----- Data extract -----

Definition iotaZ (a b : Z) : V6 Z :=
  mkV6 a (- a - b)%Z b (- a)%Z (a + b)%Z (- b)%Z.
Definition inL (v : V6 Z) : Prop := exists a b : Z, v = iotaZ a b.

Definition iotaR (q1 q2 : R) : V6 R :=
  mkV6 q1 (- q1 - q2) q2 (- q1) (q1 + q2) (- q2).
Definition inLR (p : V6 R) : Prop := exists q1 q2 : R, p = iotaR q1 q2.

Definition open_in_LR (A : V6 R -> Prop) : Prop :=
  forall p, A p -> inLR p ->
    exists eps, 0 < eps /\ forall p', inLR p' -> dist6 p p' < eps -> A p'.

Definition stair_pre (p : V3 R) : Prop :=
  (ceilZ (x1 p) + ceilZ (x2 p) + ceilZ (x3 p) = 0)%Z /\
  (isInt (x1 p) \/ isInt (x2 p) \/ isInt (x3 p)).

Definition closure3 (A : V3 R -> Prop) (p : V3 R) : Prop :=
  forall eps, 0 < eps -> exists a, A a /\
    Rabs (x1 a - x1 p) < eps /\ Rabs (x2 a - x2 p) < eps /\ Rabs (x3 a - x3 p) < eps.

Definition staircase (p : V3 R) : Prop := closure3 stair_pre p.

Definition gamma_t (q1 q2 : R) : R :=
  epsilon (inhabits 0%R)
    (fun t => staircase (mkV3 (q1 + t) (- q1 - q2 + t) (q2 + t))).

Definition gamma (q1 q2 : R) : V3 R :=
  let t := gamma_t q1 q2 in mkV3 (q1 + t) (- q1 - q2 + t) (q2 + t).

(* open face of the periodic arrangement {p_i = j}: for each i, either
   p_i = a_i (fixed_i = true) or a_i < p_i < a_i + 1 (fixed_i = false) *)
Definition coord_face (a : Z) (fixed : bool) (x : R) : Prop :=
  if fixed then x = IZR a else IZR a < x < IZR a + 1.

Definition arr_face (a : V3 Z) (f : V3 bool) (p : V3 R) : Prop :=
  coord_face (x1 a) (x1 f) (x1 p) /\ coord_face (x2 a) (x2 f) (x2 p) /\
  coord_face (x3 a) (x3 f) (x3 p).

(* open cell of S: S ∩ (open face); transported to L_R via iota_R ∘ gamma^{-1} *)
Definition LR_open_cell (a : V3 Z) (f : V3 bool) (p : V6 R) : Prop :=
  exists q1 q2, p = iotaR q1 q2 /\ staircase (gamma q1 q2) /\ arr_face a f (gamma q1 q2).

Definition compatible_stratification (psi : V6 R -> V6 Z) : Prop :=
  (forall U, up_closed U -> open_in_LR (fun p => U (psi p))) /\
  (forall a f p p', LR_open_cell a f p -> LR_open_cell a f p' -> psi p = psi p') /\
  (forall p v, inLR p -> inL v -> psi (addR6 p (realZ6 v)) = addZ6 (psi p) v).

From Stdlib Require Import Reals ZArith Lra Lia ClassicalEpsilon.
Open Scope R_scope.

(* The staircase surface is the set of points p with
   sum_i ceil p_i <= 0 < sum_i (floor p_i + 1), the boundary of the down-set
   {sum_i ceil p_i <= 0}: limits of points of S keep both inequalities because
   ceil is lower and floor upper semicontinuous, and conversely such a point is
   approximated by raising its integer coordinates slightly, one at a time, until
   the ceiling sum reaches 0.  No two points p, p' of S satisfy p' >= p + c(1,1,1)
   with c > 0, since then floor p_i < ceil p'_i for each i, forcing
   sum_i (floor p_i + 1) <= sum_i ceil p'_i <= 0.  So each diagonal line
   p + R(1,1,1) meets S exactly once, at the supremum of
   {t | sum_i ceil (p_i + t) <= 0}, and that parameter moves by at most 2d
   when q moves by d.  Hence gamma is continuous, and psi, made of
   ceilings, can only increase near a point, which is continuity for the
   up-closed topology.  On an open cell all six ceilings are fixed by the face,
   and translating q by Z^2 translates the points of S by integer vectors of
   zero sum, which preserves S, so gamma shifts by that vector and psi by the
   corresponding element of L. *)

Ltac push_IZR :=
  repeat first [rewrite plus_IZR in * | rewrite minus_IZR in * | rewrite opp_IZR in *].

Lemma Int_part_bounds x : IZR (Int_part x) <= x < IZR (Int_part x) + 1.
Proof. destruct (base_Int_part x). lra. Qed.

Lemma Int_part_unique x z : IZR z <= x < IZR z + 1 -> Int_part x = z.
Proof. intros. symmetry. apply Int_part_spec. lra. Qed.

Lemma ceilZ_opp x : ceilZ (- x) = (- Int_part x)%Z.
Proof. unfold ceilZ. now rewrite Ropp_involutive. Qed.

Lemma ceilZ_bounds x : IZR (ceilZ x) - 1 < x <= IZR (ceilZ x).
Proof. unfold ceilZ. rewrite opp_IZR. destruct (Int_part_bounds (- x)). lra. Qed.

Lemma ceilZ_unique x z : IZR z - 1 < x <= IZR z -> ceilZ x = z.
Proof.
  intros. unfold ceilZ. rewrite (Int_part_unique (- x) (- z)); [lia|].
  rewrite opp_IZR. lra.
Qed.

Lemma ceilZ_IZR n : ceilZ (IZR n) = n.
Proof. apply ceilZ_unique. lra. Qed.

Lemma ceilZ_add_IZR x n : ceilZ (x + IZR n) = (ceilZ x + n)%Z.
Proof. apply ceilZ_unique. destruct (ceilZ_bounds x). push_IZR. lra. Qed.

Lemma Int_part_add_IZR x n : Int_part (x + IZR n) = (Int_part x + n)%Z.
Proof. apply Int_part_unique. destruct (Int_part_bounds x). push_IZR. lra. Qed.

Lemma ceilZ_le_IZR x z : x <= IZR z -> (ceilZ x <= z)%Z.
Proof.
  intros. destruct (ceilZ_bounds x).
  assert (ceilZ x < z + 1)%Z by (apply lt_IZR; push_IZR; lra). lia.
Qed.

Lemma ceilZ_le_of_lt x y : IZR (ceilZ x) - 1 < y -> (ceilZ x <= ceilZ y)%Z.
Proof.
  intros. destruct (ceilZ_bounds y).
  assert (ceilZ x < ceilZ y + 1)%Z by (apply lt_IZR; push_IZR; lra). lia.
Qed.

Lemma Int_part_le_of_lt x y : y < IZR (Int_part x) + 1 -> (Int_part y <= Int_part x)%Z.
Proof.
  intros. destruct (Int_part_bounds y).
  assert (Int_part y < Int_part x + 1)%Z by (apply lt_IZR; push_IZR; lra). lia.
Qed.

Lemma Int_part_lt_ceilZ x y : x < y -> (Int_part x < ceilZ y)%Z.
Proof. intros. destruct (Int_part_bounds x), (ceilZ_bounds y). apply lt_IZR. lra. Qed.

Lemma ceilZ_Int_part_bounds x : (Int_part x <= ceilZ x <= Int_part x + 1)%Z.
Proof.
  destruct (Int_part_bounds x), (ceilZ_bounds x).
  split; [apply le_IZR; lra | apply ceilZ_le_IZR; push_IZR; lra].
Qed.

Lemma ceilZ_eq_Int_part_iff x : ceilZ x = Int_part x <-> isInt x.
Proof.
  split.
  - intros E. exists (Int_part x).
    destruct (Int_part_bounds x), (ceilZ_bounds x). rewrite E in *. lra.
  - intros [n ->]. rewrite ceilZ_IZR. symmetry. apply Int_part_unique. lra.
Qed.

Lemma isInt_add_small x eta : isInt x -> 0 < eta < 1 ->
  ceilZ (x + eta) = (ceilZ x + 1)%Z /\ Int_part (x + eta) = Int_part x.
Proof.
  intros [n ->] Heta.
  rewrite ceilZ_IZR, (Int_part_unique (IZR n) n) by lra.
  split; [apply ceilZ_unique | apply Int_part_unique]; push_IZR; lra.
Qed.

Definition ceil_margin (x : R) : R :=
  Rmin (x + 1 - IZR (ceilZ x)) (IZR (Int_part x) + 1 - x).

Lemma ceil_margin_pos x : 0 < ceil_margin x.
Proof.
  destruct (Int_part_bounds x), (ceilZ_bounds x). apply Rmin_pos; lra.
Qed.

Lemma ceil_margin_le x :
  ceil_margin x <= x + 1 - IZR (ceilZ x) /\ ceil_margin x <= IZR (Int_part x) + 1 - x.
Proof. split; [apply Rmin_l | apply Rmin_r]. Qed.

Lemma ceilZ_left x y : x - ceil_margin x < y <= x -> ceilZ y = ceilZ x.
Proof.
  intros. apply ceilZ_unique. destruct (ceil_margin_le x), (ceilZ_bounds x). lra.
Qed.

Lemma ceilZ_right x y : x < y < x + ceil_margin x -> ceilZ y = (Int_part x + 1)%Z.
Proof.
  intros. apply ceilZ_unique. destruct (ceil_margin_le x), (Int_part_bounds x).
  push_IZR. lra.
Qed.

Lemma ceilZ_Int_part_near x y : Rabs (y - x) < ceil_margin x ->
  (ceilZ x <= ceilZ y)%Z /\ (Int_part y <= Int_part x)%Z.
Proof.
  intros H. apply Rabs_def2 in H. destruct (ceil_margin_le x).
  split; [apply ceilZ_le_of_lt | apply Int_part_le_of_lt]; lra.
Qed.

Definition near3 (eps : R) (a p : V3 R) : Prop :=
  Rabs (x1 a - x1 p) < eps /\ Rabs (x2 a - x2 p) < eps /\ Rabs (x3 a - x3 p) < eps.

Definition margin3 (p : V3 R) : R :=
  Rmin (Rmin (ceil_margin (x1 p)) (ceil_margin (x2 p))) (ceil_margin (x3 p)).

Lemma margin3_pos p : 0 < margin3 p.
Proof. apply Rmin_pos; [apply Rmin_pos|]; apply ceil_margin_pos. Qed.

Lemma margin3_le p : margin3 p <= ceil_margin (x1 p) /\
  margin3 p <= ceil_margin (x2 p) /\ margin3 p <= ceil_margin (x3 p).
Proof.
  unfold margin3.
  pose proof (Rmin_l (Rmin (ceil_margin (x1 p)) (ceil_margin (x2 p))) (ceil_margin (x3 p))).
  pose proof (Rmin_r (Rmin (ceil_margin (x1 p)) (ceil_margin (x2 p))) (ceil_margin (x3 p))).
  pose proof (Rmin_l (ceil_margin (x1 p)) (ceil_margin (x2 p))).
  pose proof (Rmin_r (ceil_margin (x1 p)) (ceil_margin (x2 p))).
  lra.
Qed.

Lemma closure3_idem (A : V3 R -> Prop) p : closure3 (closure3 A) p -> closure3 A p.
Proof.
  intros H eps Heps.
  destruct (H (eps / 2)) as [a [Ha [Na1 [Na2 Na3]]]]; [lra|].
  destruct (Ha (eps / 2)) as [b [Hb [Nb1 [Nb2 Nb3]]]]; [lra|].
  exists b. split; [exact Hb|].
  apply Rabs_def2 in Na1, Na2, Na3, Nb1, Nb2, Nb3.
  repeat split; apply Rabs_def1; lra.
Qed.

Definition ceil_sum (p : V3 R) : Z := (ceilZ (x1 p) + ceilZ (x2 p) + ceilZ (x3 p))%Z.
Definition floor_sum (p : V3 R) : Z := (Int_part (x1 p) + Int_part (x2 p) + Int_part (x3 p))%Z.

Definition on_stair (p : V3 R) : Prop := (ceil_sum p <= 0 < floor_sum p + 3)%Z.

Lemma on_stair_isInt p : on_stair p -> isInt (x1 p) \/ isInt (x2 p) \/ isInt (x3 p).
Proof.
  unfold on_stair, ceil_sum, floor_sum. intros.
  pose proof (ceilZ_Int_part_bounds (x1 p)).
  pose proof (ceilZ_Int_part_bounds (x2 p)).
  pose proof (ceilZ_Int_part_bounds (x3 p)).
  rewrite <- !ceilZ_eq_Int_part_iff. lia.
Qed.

-----

Problem statement
From the entries above, print the lines beginning at the one with "Definition closure3 (A" and stopping after the one with "Definition gamma (q1", exactly as written and with nothing else.

Solution to this problem
Definition closure3 (A : V3 R -> Prop) (p : V3 R) : Prop :=
  forall eps, 0 < eps -> exists a, A a /\
    Rabs (x1 a - x1 p) < eps /\ Rabs (x2 a - x2 p) < eps /\ Rabs (x3 a - x3 p) < eps.

Definition staircase (p : V3 R) : Prop := closure3 stair_pre p.

Definition gamma_t (q1 q2 : R) : R :=
  epsilon (inhabits 0%R)
    (fun t => staircase (mkV3 (q1 + t) (- q1 - q2 + t) (q2 + t))).

Definition gamma (q1 q2 : R) : V3 R :=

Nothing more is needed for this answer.